# [Try it]
In the records that follow, find the line with "compat sub_sSet Q"; from there, retype every line exactly through the line with "Lemma fills_sub Q", which also belongs to the answer.

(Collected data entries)
================

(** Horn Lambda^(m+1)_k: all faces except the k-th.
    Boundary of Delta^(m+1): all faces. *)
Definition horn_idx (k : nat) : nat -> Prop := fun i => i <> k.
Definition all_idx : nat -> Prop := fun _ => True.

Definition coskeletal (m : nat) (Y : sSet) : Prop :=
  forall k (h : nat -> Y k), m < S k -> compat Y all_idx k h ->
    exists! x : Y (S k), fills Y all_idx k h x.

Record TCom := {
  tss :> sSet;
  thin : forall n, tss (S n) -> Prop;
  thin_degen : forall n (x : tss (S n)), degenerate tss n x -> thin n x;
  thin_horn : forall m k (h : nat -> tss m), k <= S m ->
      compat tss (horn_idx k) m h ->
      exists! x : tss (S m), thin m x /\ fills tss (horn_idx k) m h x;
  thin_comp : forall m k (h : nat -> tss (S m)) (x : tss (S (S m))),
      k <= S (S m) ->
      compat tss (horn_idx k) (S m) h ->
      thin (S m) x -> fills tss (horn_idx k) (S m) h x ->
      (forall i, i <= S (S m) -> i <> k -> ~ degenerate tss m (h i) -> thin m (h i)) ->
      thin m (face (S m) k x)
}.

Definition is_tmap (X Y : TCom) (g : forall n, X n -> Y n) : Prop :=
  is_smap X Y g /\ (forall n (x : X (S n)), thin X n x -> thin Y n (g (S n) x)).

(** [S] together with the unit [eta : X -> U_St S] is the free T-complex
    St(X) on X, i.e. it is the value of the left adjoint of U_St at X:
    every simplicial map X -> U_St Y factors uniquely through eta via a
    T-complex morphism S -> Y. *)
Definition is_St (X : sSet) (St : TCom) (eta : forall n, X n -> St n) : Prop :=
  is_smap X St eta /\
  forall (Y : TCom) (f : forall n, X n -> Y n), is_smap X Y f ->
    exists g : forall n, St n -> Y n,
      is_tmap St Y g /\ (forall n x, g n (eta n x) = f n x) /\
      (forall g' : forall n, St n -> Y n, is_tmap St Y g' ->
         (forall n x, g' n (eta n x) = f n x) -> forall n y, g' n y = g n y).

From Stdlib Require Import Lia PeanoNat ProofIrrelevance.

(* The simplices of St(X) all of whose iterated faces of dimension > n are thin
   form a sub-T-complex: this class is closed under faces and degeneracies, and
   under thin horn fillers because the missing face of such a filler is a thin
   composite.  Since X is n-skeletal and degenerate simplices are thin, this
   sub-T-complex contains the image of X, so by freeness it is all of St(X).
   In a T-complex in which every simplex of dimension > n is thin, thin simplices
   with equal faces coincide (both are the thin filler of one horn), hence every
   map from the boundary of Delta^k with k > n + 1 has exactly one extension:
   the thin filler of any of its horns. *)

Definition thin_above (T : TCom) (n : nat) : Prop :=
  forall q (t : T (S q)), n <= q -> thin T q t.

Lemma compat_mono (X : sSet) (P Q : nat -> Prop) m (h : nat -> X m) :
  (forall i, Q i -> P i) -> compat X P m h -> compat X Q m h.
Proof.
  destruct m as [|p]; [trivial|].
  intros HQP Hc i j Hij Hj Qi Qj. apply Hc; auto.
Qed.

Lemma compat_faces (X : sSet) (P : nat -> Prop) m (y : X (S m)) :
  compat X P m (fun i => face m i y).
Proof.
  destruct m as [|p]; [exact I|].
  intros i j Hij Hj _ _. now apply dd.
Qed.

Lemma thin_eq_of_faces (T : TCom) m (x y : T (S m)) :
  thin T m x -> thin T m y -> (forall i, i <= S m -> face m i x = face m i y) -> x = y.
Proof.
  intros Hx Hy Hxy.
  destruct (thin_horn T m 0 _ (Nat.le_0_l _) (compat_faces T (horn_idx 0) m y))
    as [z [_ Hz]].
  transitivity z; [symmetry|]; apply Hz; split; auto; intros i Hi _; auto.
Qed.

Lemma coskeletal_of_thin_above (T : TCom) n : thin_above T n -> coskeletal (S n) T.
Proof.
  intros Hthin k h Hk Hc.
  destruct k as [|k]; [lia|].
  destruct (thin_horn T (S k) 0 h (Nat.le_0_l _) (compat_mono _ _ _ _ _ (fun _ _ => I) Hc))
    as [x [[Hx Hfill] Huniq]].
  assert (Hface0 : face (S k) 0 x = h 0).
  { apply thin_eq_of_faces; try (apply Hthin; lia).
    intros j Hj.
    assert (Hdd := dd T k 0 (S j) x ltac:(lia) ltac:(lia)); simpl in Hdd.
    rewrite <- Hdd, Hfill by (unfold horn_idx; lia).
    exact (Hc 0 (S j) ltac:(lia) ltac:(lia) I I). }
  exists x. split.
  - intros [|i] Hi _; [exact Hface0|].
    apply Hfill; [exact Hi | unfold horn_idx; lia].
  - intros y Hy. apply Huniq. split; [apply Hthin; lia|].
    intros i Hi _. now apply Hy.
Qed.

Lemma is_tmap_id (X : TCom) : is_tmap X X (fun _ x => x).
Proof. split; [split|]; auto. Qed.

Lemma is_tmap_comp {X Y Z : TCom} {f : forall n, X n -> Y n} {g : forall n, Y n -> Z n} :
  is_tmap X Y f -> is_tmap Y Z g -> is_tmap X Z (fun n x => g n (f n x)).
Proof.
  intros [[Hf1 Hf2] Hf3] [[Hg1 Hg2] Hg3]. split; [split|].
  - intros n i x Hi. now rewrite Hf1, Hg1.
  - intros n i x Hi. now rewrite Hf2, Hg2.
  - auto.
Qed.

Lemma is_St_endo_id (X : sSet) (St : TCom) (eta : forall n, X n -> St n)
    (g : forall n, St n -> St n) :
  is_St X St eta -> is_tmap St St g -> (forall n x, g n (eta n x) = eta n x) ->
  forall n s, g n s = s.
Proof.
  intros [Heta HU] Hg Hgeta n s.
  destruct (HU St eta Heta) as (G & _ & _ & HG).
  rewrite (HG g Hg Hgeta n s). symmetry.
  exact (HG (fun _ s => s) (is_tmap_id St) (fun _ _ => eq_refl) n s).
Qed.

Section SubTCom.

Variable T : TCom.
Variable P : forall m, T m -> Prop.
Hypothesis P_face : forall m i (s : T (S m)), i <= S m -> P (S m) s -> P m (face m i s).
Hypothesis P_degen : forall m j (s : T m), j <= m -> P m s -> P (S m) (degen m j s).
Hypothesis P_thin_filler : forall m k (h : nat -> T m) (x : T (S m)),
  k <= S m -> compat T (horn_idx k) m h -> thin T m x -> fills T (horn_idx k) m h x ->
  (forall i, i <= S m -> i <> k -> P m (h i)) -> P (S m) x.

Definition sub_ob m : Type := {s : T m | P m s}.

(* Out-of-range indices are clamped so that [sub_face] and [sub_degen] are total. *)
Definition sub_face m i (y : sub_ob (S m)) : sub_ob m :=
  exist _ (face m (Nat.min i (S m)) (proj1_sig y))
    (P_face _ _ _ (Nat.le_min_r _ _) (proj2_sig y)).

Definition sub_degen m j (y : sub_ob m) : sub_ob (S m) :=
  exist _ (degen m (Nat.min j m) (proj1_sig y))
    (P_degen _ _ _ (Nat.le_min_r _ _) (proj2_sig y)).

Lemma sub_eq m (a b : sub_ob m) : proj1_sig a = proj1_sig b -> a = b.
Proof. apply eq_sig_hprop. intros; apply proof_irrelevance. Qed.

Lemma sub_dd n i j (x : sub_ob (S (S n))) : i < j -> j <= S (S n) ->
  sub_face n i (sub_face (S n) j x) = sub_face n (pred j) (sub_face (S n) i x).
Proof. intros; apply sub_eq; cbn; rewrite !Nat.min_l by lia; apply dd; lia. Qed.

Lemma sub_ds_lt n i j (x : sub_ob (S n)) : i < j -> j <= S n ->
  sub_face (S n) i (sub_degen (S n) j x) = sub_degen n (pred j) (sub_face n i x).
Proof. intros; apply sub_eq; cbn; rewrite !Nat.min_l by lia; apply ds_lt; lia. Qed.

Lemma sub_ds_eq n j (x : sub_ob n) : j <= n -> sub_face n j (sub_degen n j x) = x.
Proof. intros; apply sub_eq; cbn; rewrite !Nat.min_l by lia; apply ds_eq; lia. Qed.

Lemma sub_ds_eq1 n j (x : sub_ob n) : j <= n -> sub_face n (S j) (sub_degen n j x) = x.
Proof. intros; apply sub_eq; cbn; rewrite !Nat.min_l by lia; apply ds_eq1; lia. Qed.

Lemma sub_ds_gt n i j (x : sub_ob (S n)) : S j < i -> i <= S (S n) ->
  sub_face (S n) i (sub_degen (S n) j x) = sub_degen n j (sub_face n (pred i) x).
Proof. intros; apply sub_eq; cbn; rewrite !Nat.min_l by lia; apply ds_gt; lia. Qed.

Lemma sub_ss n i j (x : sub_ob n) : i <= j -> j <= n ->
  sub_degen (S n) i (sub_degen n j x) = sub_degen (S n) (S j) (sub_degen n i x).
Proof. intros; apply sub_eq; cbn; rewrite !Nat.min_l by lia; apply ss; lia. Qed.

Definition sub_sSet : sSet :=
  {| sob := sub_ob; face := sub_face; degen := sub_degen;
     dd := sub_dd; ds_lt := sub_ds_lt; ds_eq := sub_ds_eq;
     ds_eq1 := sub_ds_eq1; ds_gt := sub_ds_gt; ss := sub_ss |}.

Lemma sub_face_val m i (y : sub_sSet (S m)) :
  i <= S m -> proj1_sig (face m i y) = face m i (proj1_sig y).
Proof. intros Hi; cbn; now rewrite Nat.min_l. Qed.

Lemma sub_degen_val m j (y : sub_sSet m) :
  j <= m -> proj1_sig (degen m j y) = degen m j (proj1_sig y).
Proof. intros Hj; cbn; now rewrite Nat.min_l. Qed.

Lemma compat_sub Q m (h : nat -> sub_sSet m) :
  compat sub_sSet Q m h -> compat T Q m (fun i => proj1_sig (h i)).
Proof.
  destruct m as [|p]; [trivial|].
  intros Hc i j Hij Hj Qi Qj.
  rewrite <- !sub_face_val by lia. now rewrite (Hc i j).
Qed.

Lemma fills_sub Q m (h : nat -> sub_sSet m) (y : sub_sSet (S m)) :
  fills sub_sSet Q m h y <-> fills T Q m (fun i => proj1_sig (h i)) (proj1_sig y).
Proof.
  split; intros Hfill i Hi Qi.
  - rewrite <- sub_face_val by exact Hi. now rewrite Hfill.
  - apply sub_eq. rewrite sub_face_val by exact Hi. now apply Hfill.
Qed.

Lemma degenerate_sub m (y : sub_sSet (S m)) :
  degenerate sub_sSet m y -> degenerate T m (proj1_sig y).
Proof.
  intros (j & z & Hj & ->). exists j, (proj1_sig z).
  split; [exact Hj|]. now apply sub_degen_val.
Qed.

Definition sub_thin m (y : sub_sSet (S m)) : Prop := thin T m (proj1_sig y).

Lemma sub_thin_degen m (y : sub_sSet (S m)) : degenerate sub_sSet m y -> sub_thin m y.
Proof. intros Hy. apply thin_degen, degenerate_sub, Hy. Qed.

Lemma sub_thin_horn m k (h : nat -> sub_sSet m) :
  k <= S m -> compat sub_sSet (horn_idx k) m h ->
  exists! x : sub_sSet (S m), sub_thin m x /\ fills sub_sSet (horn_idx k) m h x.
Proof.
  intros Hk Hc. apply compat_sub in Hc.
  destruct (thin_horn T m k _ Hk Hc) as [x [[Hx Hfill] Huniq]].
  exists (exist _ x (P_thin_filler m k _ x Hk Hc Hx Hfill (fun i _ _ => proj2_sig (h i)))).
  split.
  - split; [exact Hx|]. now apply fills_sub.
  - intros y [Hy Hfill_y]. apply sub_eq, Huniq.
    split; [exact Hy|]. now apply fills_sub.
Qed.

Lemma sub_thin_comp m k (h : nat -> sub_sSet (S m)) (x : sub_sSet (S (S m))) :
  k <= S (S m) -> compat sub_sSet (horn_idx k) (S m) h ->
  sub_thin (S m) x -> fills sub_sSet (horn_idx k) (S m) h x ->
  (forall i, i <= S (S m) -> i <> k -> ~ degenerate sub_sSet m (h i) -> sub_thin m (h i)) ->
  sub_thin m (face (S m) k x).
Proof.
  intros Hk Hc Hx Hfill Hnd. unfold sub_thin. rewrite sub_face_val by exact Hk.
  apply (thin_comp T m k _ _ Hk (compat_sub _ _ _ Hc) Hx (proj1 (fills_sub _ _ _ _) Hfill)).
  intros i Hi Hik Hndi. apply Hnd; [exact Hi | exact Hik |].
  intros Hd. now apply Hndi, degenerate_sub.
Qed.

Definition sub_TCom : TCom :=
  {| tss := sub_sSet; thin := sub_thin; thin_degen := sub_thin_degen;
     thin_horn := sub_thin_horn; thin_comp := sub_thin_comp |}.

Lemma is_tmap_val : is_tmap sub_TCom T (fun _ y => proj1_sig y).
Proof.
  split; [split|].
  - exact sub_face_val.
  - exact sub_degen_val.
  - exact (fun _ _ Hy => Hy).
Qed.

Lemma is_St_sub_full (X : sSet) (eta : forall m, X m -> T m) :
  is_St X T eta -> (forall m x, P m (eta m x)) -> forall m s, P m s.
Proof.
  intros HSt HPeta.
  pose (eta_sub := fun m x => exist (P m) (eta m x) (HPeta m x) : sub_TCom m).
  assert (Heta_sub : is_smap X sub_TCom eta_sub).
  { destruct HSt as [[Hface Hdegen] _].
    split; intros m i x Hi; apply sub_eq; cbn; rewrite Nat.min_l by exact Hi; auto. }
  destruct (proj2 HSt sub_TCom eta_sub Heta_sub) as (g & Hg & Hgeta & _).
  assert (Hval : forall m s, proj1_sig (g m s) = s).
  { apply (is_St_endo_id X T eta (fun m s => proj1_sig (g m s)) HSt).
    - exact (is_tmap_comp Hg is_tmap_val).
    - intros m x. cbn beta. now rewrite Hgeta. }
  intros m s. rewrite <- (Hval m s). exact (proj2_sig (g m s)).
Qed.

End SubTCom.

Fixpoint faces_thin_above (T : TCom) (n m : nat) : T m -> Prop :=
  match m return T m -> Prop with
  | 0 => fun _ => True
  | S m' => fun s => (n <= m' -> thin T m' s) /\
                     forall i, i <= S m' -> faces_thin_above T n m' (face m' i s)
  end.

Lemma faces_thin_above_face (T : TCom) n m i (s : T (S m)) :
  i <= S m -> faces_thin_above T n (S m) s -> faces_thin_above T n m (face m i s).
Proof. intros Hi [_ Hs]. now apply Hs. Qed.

================

# [Task response]
  compat sub_sSet Q m h -> compat T Q m (fun i => proj1_sig (h i)).
Proof.
  destruct m as [|p]; [trivial|].
  intros Hc i j Hij Hj Qi Qj.
  rewrite <- !sub_face_val by lia. now rewrite (Hc i j).
Qed.

Lemma fills_sub Q m (h : nat -> sub_sSet m) (y : sub_sSet (S m)) :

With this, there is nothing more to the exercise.